_RECORDED DATA_.
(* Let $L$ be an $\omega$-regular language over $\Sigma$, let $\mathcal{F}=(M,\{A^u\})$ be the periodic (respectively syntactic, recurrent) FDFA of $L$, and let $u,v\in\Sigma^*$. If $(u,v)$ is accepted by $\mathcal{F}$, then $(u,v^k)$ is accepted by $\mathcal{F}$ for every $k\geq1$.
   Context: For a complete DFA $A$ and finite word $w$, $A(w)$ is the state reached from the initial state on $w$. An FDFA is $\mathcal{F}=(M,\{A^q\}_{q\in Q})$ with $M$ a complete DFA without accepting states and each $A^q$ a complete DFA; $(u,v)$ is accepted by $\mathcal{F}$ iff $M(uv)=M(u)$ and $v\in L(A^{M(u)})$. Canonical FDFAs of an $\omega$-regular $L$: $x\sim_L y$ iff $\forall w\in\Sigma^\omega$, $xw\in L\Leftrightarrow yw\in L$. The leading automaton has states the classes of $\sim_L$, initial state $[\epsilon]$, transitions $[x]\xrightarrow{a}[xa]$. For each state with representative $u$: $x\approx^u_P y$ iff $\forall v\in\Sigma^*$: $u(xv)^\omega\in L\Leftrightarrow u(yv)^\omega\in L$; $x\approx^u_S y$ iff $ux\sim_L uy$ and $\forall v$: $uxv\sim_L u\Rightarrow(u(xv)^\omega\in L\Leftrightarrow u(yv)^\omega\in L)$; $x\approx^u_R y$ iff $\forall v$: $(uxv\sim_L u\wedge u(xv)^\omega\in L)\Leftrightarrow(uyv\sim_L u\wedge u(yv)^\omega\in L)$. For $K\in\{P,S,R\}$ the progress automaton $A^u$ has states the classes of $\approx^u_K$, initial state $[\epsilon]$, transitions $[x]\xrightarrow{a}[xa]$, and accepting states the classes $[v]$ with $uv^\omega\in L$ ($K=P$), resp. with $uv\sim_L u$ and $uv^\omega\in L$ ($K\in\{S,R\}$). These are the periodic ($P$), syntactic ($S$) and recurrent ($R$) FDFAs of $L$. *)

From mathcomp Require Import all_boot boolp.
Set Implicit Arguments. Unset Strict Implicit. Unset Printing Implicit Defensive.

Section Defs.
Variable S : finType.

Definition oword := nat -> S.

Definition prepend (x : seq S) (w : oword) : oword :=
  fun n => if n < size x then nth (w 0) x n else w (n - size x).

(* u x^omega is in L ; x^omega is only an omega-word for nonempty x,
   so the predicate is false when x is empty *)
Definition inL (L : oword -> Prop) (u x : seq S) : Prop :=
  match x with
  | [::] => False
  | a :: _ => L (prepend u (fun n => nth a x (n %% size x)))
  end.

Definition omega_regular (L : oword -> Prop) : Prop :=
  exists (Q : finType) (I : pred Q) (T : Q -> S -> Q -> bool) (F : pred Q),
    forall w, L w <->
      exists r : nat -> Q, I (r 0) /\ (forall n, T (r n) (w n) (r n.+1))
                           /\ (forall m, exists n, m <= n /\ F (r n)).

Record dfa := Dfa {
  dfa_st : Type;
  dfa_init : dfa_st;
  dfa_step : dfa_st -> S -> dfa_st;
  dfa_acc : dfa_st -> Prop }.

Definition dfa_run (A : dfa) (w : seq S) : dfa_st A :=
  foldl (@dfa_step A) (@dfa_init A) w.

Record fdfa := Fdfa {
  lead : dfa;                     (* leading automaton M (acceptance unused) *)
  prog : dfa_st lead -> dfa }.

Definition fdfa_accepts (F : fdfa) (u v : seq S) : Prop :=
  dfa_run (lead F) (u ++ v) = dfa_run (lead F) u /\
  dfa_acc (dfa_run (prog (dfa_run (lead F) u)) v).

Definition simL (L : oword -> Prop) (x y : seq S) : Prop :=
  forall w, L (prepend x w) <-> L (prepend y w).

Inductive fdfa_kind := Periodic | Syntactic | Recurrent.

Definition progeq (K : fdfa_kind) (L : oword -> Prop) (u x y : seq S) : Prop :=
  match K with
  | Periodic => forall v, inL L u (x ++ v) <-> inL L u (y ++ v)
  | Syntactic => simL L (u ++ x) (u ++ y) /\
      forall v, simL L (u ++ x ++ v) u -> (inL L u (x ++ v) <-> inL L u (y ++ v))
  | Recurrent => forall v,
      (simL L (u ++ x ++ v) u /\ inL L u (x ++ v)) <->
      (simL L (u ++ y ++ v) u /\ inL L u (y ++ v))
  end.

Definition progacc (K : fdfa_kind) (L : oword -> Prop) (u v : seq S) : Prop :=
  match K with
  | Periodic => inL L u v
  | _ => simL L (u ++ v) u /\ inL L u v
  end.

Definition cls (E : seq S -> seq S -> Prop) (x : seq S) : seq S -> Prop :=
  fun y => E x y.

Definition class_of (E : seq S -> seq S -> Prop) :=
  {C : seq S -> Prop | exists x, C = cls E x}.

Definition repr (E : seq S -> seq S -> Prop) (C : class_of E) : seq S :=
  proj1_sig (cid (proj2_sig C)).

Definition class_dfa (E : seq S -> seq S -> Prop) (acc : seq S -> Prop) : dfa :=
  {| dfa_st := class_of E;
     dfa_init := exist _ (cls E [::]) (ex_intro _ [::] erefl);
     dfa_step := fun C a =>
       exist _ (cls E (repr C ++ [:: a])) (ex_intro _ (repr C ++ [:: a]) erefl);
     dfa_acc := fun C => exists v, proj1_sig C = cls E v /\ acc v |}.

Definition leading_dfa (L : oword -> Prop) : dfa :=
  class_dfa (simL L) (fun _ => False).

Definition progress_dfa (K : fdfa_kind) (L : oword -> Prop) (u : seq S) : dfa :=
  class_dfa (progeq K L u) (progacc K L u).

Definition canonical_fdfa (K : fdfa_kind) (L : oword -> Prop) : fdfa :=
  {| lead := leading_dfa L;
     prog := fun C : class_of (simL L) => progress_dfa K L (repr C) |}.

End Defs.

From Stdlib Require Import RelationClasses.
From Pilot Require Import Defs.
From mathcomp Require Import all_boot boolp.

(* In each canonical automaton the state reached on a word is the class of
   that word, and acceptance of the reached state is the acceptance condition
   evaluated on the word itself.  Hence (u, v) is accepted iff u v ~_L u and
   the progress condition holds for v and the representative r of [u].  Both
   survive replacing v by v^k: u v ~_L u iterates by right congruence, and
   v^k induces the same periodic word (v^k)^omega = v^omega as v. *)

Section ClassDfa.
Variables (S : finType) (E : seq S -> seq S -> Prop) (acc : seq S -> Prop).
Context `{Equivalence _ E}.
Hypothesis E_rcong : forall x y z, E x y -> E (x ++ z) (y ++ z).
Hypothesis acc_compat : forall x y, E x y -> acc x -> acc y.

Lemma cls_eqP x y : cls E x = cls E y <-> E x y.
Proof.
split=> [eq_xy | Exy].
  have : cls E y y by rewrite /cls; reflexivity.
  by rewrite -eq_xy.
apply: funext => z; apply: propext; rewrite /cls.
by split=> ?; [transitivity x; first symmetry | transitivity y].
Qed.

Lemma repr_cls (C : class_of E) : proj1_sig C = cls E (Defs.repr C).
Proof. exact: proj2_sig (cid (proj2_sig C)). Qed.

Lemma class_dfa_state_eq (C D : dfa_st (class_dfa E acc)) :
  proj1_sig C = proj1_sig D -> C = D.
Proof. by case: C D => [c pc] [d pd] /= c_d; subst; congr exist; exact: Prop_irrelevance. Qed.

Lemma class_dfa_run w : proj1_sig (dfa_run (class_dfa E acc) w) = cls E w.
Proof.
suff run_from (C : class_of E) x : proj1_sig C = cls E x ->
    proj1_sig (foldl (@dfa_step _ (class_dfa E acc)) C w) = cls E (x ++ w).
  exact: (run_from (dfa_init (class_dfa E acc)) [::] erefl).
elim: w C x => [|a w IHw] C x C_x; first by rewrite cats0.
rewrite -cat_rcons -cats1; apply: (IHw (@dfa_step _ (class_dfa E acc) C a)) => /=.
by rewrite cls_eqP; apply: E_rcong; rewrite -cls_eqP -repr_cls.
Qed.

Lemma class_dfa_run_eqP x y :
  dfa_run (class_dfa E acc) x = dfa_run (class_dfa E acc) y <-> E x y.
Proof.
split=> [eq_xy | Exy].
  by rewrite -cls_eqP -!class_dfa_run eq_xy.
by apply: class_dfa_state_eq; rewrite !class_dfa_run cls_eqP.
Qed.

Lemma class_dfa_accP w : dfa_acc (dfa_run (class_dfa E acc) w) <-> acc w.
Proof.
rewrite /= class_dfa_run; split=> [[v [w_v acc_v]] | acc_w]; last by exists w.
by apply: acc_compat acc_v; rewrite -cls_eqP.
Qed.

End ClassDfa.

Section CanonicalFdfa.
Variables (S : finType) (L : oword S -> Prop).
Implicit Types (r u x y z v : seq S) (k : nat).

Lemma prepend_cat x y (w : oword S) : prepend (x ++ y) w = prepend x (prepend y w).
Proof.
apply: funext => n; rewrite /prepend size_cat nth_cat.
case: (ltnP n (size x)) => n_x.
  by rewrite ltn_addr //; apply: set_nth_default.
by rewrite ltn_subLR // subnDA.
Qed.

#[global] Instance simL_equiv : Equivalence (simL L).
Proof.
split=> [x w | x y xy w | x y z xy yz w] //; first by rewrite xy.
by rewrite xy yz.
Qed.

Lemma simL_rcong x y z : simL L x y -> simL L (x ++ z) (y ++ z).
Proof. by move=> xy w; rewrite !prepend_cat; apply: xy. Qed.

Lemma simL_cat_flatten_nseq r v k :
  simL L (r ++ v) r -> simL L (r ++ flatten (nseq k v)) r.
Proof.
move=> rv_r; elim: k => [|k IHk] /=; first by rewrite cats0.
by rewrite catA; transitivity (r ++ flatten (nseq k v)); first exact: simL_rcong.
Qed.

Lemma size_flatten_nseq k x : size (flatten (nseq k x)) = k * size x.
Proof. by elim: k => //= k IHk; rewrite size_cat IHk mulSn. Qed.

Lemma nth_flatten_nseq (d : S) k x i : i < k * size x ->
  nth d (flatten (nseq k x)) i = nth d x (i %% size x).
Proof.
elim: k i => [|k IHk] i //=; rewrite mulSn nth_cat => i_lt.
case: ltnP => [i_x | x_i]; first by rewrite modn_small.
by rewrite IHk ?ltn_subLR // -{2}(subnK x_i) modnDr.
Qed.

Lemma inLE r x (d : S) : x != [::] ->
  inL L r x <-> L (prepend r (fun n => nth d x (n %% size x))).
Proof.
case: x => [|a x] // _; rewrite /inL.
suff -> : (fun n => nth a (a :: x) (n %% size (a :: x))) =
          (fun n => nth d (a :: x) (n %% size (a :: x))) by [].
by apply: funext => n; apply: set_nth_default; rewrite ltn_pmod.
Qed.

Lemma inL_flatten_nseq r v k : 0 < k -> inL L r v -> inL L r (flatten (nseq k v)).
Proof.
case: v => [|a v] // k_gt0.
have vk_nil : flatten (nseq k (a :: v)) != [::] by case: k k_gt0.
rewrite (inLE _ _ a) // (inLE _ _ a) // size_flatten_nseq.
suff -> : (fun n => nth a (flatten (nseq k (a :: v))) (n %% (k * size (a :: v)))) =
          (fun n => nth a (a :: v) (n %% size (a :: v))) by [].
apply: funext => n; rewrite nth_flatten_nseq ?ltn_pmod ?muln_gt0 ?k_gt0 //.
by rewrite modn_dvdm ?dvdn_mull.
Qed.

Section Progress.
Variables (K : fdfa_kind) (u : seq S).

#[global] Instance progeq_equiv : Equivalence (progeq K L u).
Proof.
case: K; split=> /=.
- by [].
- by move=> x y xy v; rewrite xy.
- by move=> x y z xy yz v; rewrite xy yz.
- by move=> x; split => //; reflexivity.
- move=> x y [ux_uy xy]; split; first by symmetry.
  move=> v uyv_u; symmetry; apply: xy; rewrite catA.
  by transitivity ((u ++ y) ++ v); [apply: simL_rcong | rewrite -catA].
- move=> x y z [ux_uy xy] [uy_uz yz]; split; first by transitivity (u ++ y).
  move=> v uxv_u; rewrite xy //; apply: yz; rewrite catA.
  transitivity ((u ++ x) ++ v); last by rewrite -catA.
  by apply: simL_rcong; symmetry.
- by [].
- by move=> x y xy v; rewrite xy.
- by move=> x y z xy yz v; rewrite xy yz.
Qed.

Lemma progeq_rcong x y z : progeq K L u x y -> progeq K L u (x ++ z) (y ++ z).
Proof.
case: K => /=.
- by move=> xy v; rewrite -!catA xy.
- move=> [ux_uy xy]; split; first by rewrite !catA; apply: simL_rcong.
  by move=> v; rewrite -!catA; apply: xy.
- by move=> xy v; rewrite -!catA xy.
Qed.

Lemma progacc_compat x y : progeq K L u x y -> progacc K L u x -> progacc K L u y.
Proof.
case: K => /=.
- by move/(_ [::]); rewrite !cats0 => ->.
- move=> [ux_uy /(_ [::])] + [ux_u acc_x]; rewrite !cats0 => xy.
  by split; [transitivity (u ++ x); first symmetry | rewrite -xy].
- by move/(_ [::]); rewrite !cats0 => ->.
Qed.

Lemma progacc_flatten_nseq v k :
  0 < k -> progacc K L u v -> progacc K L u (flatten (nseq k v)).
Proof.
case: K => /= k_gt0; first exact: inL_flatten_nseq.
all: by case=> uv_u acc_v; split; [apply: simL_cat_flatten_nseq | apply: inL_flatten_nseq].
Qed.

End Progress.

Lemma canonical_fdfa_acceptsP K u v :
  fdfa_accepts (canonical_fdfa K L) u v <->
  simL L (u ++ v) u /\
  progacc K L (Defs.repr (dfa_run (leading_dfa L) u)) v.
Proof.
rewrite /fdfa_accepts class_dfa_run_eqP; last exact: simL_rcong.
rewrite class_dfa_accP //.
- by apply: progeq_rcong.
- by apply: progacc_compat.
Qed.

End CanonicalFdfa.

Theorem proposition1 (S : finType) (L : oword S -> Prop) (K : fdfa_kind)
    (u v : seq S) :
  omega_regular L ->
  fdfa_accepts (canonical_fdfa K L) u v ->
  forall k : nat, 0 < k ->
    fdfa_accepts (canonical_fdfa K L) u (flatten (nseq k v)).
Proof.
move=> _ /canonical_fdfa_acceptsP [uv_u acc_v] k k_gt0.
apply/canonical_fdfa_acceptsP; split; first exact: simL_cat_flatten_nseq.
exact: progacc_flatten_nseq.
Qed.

_PROBLEM TO SOLVE_. Within the material above, transcribe exactly the lines that run from the line holding "a x (n %% size x)))" through the line holding "Definition fdfa_accepts (F".

_EXERCISE RESPONSE_.
  | a :: _ => L (prepend u (fun n => nth a x (n %% size x)))
  end.

Definition omega_regular (L : oword -> Prop) : Prop :=
  exists (Q : finType) (I : pred Q) (T : Q -> S -> Q -> bool) (F : pred Q),
    forall w, L w <->
      exists r : nat -> Q, I (r 0) /\ (forall n, T (r n) (w n) (r n.+1))
                           /\ (forall m, exists n, m <= n /\ F (r n)).

Record dfa := Dfa {
  dfa_st : Type;
  dfa_init : dfa_st;
  dfa_step : dfa_st -> S -> dfa_st;
  dfa_acc : dfa_st -> Prop }.

Definition dfa_run (A : dfa) (w : seq S) : dfa_st A :=
  foldl (@dfa_step A) (@dfa_init A) w.

Record fdfa := Fdfa {
  lead : dfa;                     (* leading automaton M (acceptance unused) *)
  prog : dfa_st lead -> dfa }.

Definition fdfa_accepts (F : fdfa) (u v : seq S) : Prop :=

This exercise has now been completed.